Elle soutient que l’assuré était dans un état normal avant de partir de son domicile, comme en témoigne ses proches, et que le docteur [V], médecin du travail, n’a constaté aucune inaptitude ou incapacité et n’a fait aucune proposition de mesures individuelle et ce, 43 jours seulement avant le décès de l’assuré.
ll résulte de l’article L.411-1 du code de la sécurité sociale qu’est considéré comme accident du travail, quelle qu’en soit la cause, l’accident survenu par le fait ou à l’occasion du travail à toute personne salariée ou travaillant, à quelque titre ou en quelque lieu que ce soit, pour un ou plusieurs employeurs ou chefs d’entreprise.
Constitue un accident du travail un événement ou une série d’événements survenus à des dates certaines par le fait ou à l’occasion du travail, dont il est résulté une lésion corporelle, quelle que soit la date d’apparition de celle ci.
Toute lésion survenue aux temps et lieu de travail doit être considérée comme trouvant sa cause dans le travail et bénéficie de la présomption d’imputabilité au travail, sauf s’il est rapporté la preuve que cette lésion a une origine totalement étrangère au travail.
Comme retenu précédemment, la caisse établit la matérialité de l’accident du travail aux temps et lieu du travail ainsi que la survenance du décès quelques heures après l’arrivée à l’hôpital et donc la présomption d’imputabilité au travail s’applique donc.
Si la société revendique un état pathologique antérieur à l’accident du travail pour renverser la présomption d’imputabilité, elle n’apporte aucun certificat médical ou aucune autre preuve qui pourrait corroborer son affirmation.
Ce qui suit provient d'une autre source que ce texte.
(* Let $S$ be a finite poset which contains a subposet (with induced order) isomorphic to $V$ but no subposet isomorphic to $W^4$. Then $C(f_S)\ne\varnothing$.
   Context: $f_S(x)=\sum_i x_i^2+\sum_{s_i<s_j}x_ix_j$. $H_n=\{x:\sum x_i=0\}$; $C(f)$ is the set of $h\in H_n\setminus\{0\}$ with either all $\partial f/\partial x_i(h)\le0$ or all $\ge0$. $V=\{h^-,h_1,h_2,h^+\}$ with $h^-<h_1<h^+$, $h^-<h_2<h^+$, $h_1,h_2$ incomparable. $W^4=\{a_1,a_2,b_1,b_2\}$ with only strict relations $a_1<b_1$, $a_1<b_2$, $a_2<b_1$, $a_2<b_2$. *)

From HB Require Import structures.
From mathcomp Require Import all_boot all_order all_algebra.
From mathcomp Require Import reals.
Set Implicit Arguments. Unset Strict Implicit. Unset Printing Implicit Defensive.
Import Order.TTheory GRing.Theory Num.Theory.
Local Open Scope ring_scope.

Section PosetForm.
Variables (R : realType) (d : Order.disp_t) (S : finPOrderType d).

Definition fS (x : S -> R) : R :=
  \sum_(i : S) x i ^+ 2 + \sum_(i : S) \sum_(j : S | (i < j)%O) x i * x j.

(* partial derivative of f_S w.r.t. x_i (explicit, as f_S is quadratic):
   2 x_i + sum over j comparable and distinct from i of x_j *)
Definition dfS (x : S -> R) (i : S) : R :=
  2 * x i + \sum_(j : S | (i < j)%O || (j < i)%O) x j.

Definition inH (h : S -> R) : Prop := \sum_(i : S) h i = 0.

Definition CfS (h : S -> R) : Prop :=
  inH h /\ (exists i, h i != 0) /\
  ((forall i, dfS h i <= 0) \/ (forall i, 0 <= dfS h i)).

End PosetForm.

(* V on 'I_4: 0 = h^-, 1 = h_1, 2 = h_2, 3 = h^+ (strict relations) *)
Definition Vlt (a b : 'I_4) : bool :=
  [|| (a == 0 :> nat) && (b == 1 :> nat), (a == 0 :> nat) && (b == 2 :> nat),
      (a == 0 :> nat) && (b == 3 :> nat), (a == 1 :> nat) && (b == 3 :> nat)
    | (a == 2 :> nat) && (b == 3 :> nat)].

(* W^4 on 'I_4: 0 = a_1, 1 = a_2, 2 = b_1, 3 = b_2 (strict relations) *)
Definition Wlt (a b : 'I_4) : bool :=
  ((a == 0 :> nat) || (a == 1 :> nat)) && ((b == 2 :> nat) || (b == 3 :> nat)).

Definition has_subposet d (S : finPOrderType d) (P : rel 'I_4) : Prop :=
  exists g : 'I_4 -> S, injective g /\ forall a b, (g a < g b)%O = P a b.

From HB Require Import structures.
From mathcomp Require Import all_boot all_order all_algebra.
From mathcomp Require Import reals.
From mathcomp Require Import ring lra.
Set Implicit Arguments. Unset Strict Implicit. Unset Printing Implicit Defensive.
Import Order.TTheory GRing.Theory Num.Theory.
Local Open Scope ring_scope.

(* The witness is h = e_{h_1} + e_{h_2} - e_{h^-} - e_{h^+}, whose coordinates
   sum to zero; we show that every partial derivative of f_S at h is <= 0.
   At the four points of V this is a direct computation; elsewhere the i-th
   derivative is the number of elements of {h_1, h_2} strictly comparable to i
   minus the number of those of {h^-, h^+}. By transitivity, anything
   comparable to h_1 or h_2 is comparable to h^- or h^+. Anything comparable
   to both h_1 and h_2 lies on the same side of both, as they are
   incomparable, and is then comparable to both h^- and h^+: otherwise it
   would form a copy of W^4 with h^- (or h^+), h_1 and h_2. *)

Section StrictComparability.
Variables (d : Order.disp_t) (S : finPOrderType d).
Local Open Scope order_scope.

Definition strictly_comparable (x y : S) : bool := (x < y) || (y < x).

Lemma has_subposet_W (a1 a2 b1 b2 : S) :
  a1 >< a2 -> b1 >< b2 ->
  a1 < b1 -> a1 < b2 -> a2 < b1 -> a2 < b2 ->
  has_subposet S Wlt.
Proof.
move=> a12 b12 l11 l12 l21 l22.
have a21 : a2 >< a1 by rewrite comparable_sym.
have b21 : b2 >< b1 by rewrite comparable_sym.
have eqF := (incomparable_eqF a12, incomparable_eqF a21, incomparable_eqF b12,
  incomparable_eqF b21, lt_eqF l11, lt_eqF l12, lt_eqF l21, lt_eqF l22,
  gt_eqF l11, gt_eqF l12, gt_eqF l21, gt_eqF l22).
have ltF := (incomparable_ltF a12, incomparable_ltF a21, incomparable_ltF b12,
  incomparable_ltF b21, lt_gtF l11, lt_gtF l12, lt_gtF l21, lt_gtF l22).
exists (fun k : 'I_4 => nth a1 [:: a1; a2; b1; b2] k); split.
  move=> [[|[|[|[|k]]]] ?] [[|[|[|[|l]]]] ?] //= /eqP;
  by rewrite ?eqF // => _; apply/val_inj.
by move=> [[|[|[|[|k]]]] ?] [[|[|[|[|l]]]] ?] //=; rewrite /Wlt /= ?ltxx ?ltF.
Qed.

Lemma strictly_comparable_lt x y : x < y -> strictly_comparable x y.
Proof. by rewrite /strictly_comparable => ->. Qed.

Lemma strictly_comparable_gt x y : y < x -> strictly_comparable x y.
Proof. by rewrite /strictly_comparable => ->; rewrite orbT. Qed.

Lemma strictly_comparablexx x : strictly_comparable x x = false.
Proof. by rewrite /strictly_comparable ltxx. Qed.

Lemma incomparable_strictly_comparableF x y :
  x >< y -> strictly_comparable x y = false.
Proof.
move=> xy; have yx : y >< x by rewrite comparable_sym.
by rewrite /strictly_comparable !incomparable_ltF.
Qed.

Lemma strictly_comparable_between x y z i : x < y -> y < z ->
  strictly_comparable i y -> strictly_comparable i x || strictly_comparable i z.
Proof.
move=> xy yz /orP[iy|yi].
  by rewrite (strictly_comparable_lt (lt_trans iy yz)) orbT.
by rewrite (strictly_comparable_gt (lt_trans xy yi)).
Qed.

(* [m], [l], [r], [p] stand for h^-, h_1, h_2, h^+. *)
Lemma has_subposet_V : has_subposet S Vlt ->
  exists m l r p : S, [/\ m < l, m < r, l < p, r < p & l >< r].
Proof.
move=> [g [ginj gV]].
exists (g (@Ordinal 4 0 isT)), (g (@Ordinal 4 1 isT)), (g (@Ordinal 4 2 isT)),
  (g (@Ordinal 4 3 isT)).
by rewrite !gV /Order.comparable !le_eqVlt !(inj_eq ginj) !gV.
Qed.

Section NoWAroundV.
Variables (m l r p : S).
Hypotheses (ml : m < l) (mr : m < r) (lp : l < p) (rp : r < p) (lr : l >< r).
Hypothesis noW : ~ has_subposet S Wlt.

Lemma strictly_comparable_both i : i != m -> i != p ->
  strictly_comparable i l -> strictly_comparable i r ->
  strictly_comparable i m && strictly_comparable i p.
Proof.
move=> im ip /orP[il|li] /orP[ir|ri].
- rewrite (strictly_comparable_lt (lt_trans il lp)) andbT /strictly_comparable.
  case: (comparableP i m) im => // im_inc _; case: noW.
  by apply: (has_subposet_W _ lr ml mr il ir); rewrite comparable_sym.
- by move: lr; rewrite comparable_sym (lt_comparable (lt_trans ri il)).
- by move: lr; rewrite (lt_comparable (lt_trans li ir)).
- rewrite (strictly_comparable_gt (lt_trans ml li)) /strictly_comparable.
  case: (comparableP i p) ip => // ip_inc _; case: noW.
  by apply: (has_subposet_W lr _ lp li rp ri); rewrite comparable_sym.
Qed.

Lemma strictly_comparable_count i : i != m -> i != p ->
  (strictly_comparable i l + strictly_comparable i r <=
   strictly_comparable i m + strictly_comparable i p)%N.
Proof.
move=> im ip.
case cl: (strictly_comparable i l); case cr: (strictly_comparable i r) => //=.
- by have /andP[-> ->] := strictly_comparable_both im ip cl cr.
- by case/orP: (strictly_comparable_between ml lp cl) => ->; rewrite ?addn1.
- by case/orP: (strictly_comparable_between mr rp cr) => ->; rewrite ?addn1.
Qed.

End NoWAroundV.

End StrictComparability.

Section IndicatorVectors.
Variables (R : realType) (d : Order.disp_t) (S : finPOrderType d).

Definition indic (a x : S) : R := (x == a)%:R.

Lemma sum_indic (P : pred S) a : \sum_(x | P x) indic a x = (P a)%:R.
Proof.
rewrite big_mkcond (bigD1 a) //= /indic eqxx big1 ?addr0; first by case: (P a).
by move=> x /negbTE ->; case: (P x).
Qed.

Lemma dfSD (x y : S -> R) i : dfS (x \+ y) i = dfS x i + dfS y i.
Proof. by rewrite /dfS big_split /=; ring. Qed.

Lemma dfSB (x y : S -> R) i : dfS (x \- y) i = dfS x i - dfS y i.
Proof. by rewrite /dfS sumrB /=; ring. Qed.

Lemma dfS_indic a i :
  dfS (indic a) i = 2 * (i == a)%:R + (strictly_comparable i a)%:R.
Proof. by rewrite /dfS sum_indic. Qed.

End IndicatorVectors.

Arguments indic {R d S} a x.

Section VWitness.
Variables (R : realType) (d : Order.disp_t) (S : finPOrderType d) (m l r p : S).
Hypotheses (ml : (m < l)%O) (mr : (m < r)%O) (lp : (l < p)%O) (rp : (r < p)%O).
Hypothesis lr : (l >< r)%O.

Definition V_witness : S -> R := indic l \+ indic r \- (indic m \+ indic p).

Lemma V_witness_inH : inH V_witness.
Proof. by rewrite /inH sumrB !big_split /= !sum_indic subrr. Qed.

Lemma V_witness_l : V_witness l = 1.
Proof.
rewrite /V_witness /indic /= eqxx (incomparable_eqF lr) (gt_eqF ml) (lt_eqF lp).
by rewrite !addr0 subr0.
Qed.

Lemma dfS_V_witness_le0 : ~ has_subposet S Wlt -> forall i, dfS V_witness i <= 0.
Proof.
move=> noW i; rewrite /V_witness dfSB !dfSD !dfS_indic.
have mp := lt_trans ml lp.
have rl : (r >< l)%O by rewrite comparable_sym.
have eqF := (lt_eqF ml, lt_eqF mr, lt_eqF lp, lt_eqF rp, lt_eqF mp, gt_eqF ml,
  gt_eqF mr, gt_eqF lp, gt_eqF rp, gt_eqF mp, incomparable_eqF lr, incomparable_eqF rl).
have scT := (strictly_comparable_lt ml, strictly_comparable_lt mr,
  strictly_comparable_lt lp, strictly_comparable_lt rp, strictly_comparable_lt mp,
  strictly_comparable_gt ml, strictly_comparable_gt mr, strictly_comparable_gt lp,
  strictly_comparable_gt rp, strictly_comparable_gt mp,
  incomparable_strictly_comparableF lr, incomparable_strictly_comparableF rl).
case: (eqVneq i m) => [->|im]; first by rewrite strictly_comparablexx ?eqF ?scT /=; lra.
case: (eqVneq i p) => [->|ip]; first by rewrite strictly_comparablexx ?eqF ?scT /=; lra.
case: (eqVneq i l) => [->|il]; first by rewrite strictly_comparablexx ?eqF ?scT /=; lra.
case: (eqVneq i r) => [->|ir]; first by rewrite strictly_comparablexx ?eqF ?scT /=; lra.
rewrite mulr0 !add0r subr_le0 -!natrD ler_nat.
exact: strictly_comparable_count.
Qed.

End VWitness.

Theorem lemma9 (R : realType) (d : Order.disp_t) (S : finPOrderType d) :
  has_subposet S Vlt -> ~ has_subposet S Wlt ->
  exists h : S -> R, CfS h.
Proof.
move=> /has_subposet_V [m [l [r [p [ml mr lp rp lr]]]]] noW.
exists (V_witness R m l r p); split; [exact: V_witness_inH|split].
  by exists l; rewrite (V_witness_l _ ml lp lr) oner_neq0.
by left; exact: dfS_V_witness_le0.
Qed.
De plus, le suivi de M. [U] par le médecin du travail en 2018 et 2019 ne signale aucune inaptitude ou incapacité ainsi que l’avis du médecin conseil de la caisse du 11 janvier 2023 qui stipule qu’aucune trace d’une pathologie pouvant entraîner des maladies, aucun pathologie dans les antécédent médicaux connus pouvant entraîner le décès de la victime.
Enfin, le seul fait que, lors la survenue de la chute et du décès, les conditions de travail étaient normales et habituelles est insuffisant à démontrer la cause de celui-ci ou à établir l’absence de lien avec le travail.
Ainsi, la société échoue à renverser la présomption légale d’imputabilité dès lors qu’elle n’établit pas que l’accident trouve son origine exclusive dans une cause totalement étrangère.
En conséquence, la décision de prise en charge de l’accident du travail et du décès de M. [U] est opposable à la société.
Le jugement sera donc confirmé en toutes ses dispositions.
Sur les dépens :
La société qui succombe, supportera les dépens de première instance, le jugement étant confirmé sur ce point, et les dépens d’appel.
PAR CES MOTIFS
La cour, statuant en audience publique par décision contradictoire,
Confirme le jugement du 29 septembre 2023 en toutes ses dispositions;
Y ajoutant :
Condamne la société [10] aux dépens d’appel.